Молоко с творогом, синие тапочки, или Уроки жизни

Молоко с творогом, синие тапочки,

или Уроки жизни

Рассказ

Не бахвалься… — в ответ мне, грустно улыбаясь.

Сочиняю что-то с ходу — растормошить, скучная сегодня. Сидит, пригорюнившись, в углу дивана, нога на ногу, ладошка под щеку. В платочке. Смотрит вдаль…

Я в детстве тоже любила бахвалиться… А шустрая была-а-а! Где поют или на гармошке играют — я уже там! Ни кино, ни вечёрок у нас не было. Деревня маленькая — десять дворов всего.

Наш? Наш крайний был. Изба уже старая, прохудилась. Зато вид из окон! На реку, просто-о-ор! А прямо под окнами поле начинается. Рожью засеют — летом так и ходит, темно-зеленое, волнами. И васильки, синие-синие! Выйдешь в рожь, стоишь, стоишь, и слышно: динь-динь, динь-динь… Тонко-тонко! Это колосья, когда спелые, друг о друга звенят…

Расскажу… Лет десять мне было… Слышу, на другом конце играют, у тетки Дёхи. Родня? Да все, наверно, родня — фамилия одинаковая. А так все: тетка Дёха, да тетка Дёха, полное-то имя Евгения, а за глаза — Дёха. Баба она высокая, еще крепкая, хоть куда, на голове плат черный, в синей юбке до пят, на ногах галоши. Вдвоем с мужем живут, справно живут, детей у них много, но дети уже отдельно, взрослые. По продналогу даже молоко не сдают, по старости, а коровку держат.
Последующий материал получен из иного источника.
Fixpoint gsum x n : A :=
  match n with O => czero | S k => cadd (gsum x k) (cpow x k) end.

Lemma gsum_mul_l x n : cmul (csub cone x) (gsum x n) = csub cone (cpow x n).
Proof.
  induction n; simpl; [now rewrite cmul_0r, csub_diag|].
  now rewrite cmul_addr, IHn, cmul_subl, cmul_1l, csub_tele.
Qed.

Lemma gsum_mul_r x n : cmul (gsum x n) (csub cone x) = csub cone (cpow x n).
Proof.
  induction n; simpl; [now rewrite cmul_0l, csub_diag|].
  now rewrite cmul_addl, IHn, cmul_subr, cmul_1r, cpow_comm, csub_tele.
Qed.

Lemma gsum_step x n : cnorm (csub (gsum x n) (gsum x (S n))) <= 1 * cnorm x ^ n.
Proof.
  simpl. rewrite cnorm_csub_sym, csub_addl, csub_diag, cadd_0l, Rmult_1_l. apply cnorm_cpow.
Qed.

Lemma climit_one_sub_cpow x : cnorm x < 1 -> climit (fun n => csub cone (cpow x n)) cone.
Proof.
  intro Hx. apply (Un_cv_0_squeeze _ (fun n => 1 * cnorm x ^ n) (fun _ => 0));
    [|apply Un_cv_geometric; pose proof (cnorm_ge0 x); lra | apply Un_cv_const].
  intros n _. rewrite cnorm_csub_sym, csub_subK, Rplus_0_r, Rmult_1_l.
  split; [apply cnorm_ge0 | apply cnorm_cpow].
Qed.

Lemma neumann x : cnorm x < 1 ->
  exists w, cmul (csub cone x) w = cone /\ cmul w (csub cone x) = cone /\
            cnorm w <= 1 / (1 - cnorm x).
Proof.
  intro Hx. assert (Hr : 0 <= cnorm x < 1) by (pose proof (cnorm_ge0 x); lra).
  pose proof (gsum_step x) as Hsteps.
  destruct (climit_of_cauchy (gsum x)
    (geometric_steps_cauchy _ _ csub_pseudometric _ _ _ Hr Hsteps)) as [l Hl].
  pose proof (climit_one_sub_cpow x Hx) as Hpow.
  exists l. split; [|split].
  - apply (climit_unique (fun n => cmul (csub cone x) (gsum x n))); [now apply climit_cmul_l|].
    exact (climit_ext _ _ _ (fun n => eq_sym (gsum_mul_l x n)) Hpow).
  - apply (climit_unique (fun n => cmul (gsum x n) (csub cone x))); [now apply climit_cmul_r|].
    exact (climit_ext _ _ _ (fun n => eq_sym (gsum_mul_r x n)) Hpow).
  - apply (climit_cnorm_le _ _ _ Hl). intro n.
    pose proof (geometric_steps_bound _ _ csub_pseudometric _ _ _ Hr Hsteps 0 n) as H.
    change (gsum x 0) with (@czero A) in H.
    rewrite Nat.add_0_r, cnorm_csub_sym, csub_0r, pow_O, Rmult_1_r in H. exact H.
Qed.

End Neumann.

Section Perturbation.
Context {A : CstarAlg}.
Implicit Types a b c e g x y : A.

Lemma perturb_inverse a g e m :
  cmul a g = cone -> cmul g a = cone -> cnorm g <= m -> m * cnorm e < 1 ->
  exists h, cmul (csub a e) h = cone /\ cmul h (csub a e) = cone /\
            cnorm h <= m / (1 - m * cnorm e).
Proof.
  intros H1 H2 Hg Hm. pose proof (cnorm_ge0 g). pose proof (cnorm_ge0 e).
  assert (Hge : cnorm (cmul g e) <= m * cnorm e)
    by (eapply Rle_trans; [apply cnorm_mul | apply Rmult_le_compat_r; auto]).
  destruct (neumann (cmul g e)) as [w [W1 [W2 W3]]]; [lra|].
  assert (E : csub a e = cmul a (csub cone (cmul g e)))
    by now rewrite cmul_subr, cmul_1r, cmul_assoc, H1, cmul_1l.
  exists (cmul w g). rewrite E. split; [|split].
  - now rewrite <- cmul_assoc, (cmul_assoc (csub cone (cmul g e))), W1, cmul_1l.
  - now rewrite <- cmul_assoc, (cmul_assoc g a), H2, cmul_1l.
  - eapply Rle_trans; [apply cnorm_mul|].
    assert (cnorm w <= 1 / (1 - m * cnorm e)).
    { eapply Rle_trans; [apply W3|]. apply Rmult_le_compat_l; [lra|]. apply Rinv_le_contravar; lra. }
    replace (m / (1 - m * cnorm e)) with (1 / (1 - m * cnorm e) * m) by (field; lra).
    apply Rmult_le_compat; auto using cnorm_ge0.
Qed.

Lemma resolvent_outside_disk l c : cnorm c < Cmod l ->
  exists h, cmul (csub (csmul l cone) c) h = cone /\ cmul h (csub (csmul l cone) c) = cone /\
            cnorm h <= 1 / (Cmod l - cnorm c).
Proof.
  intro Hl. pose proof (cnorm_ge0 c).
  assert (Hz : l <> (0, 0)) by (intros ->; rewrite Cmod_0 in Hl; lra).
  pose proof (Cmod_pos l Hz).
  destruct (perturb_inverse (csmul l cone) (csmul (Cinv l) cone) c (/ Cmod l)) as [h [h1 [h2 h3]]].
  - now rewrite cmul_smull, cmul_smulr, <- csmul_mul, cmul_1l, Cmul_inv, csmul_1.
  - now rewrite cmul_smull, cmul_smulr, <- csmul_mul, cmul_1l, Cmul_comm, Cmul_inv, csmul_1.
  - eapply Rle_trans; [apply cnorm_smul_one|]. rewrite Cmod_inv; auto; lra.
  - apply (Rmult_lt_reg_l (Cmod l)); auto. rewrite <- Rmult_assoc, Rinv_r; lra.
  - exists h; repeat split; auto. eapply Rle_trans; [apply h3|]. right. field. split; lra.
Qed.

End Perturbation.

(** * Rickart's estimate *)

Section InverseChoice.
Context {A : CstarAlg}.
Implicit Types x y : A.

Definition cinv (a : A) : A :=
  epsilon (inhabits czero) (fun g => cmul a g = cone /\ cmul g a = cone).

Lemma cinv_spec a : cinvertible a -> cmul a (cinv a) = cone /\ cmul (cinv a) a = cone.
Proof. apply (epsilon_spec (inhabits czero) (fun g => cmul a g = cone /\ cmul g a = cone)). Qed.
Веселье у них — сыновья приехали. На праздник, на Петровки было. У сыновей жены баские, за рекой браны, певуньи-и! Поют, пляшут! Степан, сын, на гармошке играет. Глухой был и говорил плохо, наверно, даже глухонемой, а вот на гармошке хорошо играл. Под окнами избы пляшут. Я смотрю. Да говорю же: ни кино, ничего не было, ходили — смотрели.

Вдруг как-то все быстро — в избу, я тоже за ними и — к окну, на лавку, не далеко от стола. Да ходила и раньше — родня дальняя тетка Дёха-то.

Дак вот, все в избу и за стол садятся. Стол большо-о-ой, богатый, много всего наставлено — и еще носят и тетка, и молодухи: рыбники — пироги, рыбу они хорошо ловили, колобки… Да, да, на сковородках на маленьких таких пекли. «Пинег» — пирог. И еще чего — то приносили, всего теперь и не припомню…

А вот приносят творог! Молоком залит. Блюдо глубокое, большое… Да… Коровы-то у нас тогда не было… Не скажу, чтобы сильно голодали, нет, хлеб был, папа председателем работал, Толя уже работал, на трудодни немного получали. Но молочка не было. А помню, си-ильно хотелось…

И вот — творог. Крупные такие куски, желтый и молоком залит… На подоконнике у них кременья, мужики курили — искру высекать, коробочки от спичек. Мы, ребята, любили играться. Долгонько они сидели…

Домой прибежала — у нас уже тоже за столом сидят. Первая тут Зойка сидела, большая уже была, годов пятнадцати, но не работала, припадки у неё были, жалели её… Нянчилась она. Рядом — Толя, потом — Коля, за ним — Витя… Дальше — маленькие, мальчики двое были, Володя и… Ты их не знаешь. Умерли они рано, я не рассказывала… Мама с краю, там — бабушка, Кристина Даниловна. Ей уже за девяносто было… Да, девяносто три, глухая уже совсем была, а крепкая, водилась с маленькими. Ши-и-ибко меня любила. За ней Рая, Градя. Папа у окна.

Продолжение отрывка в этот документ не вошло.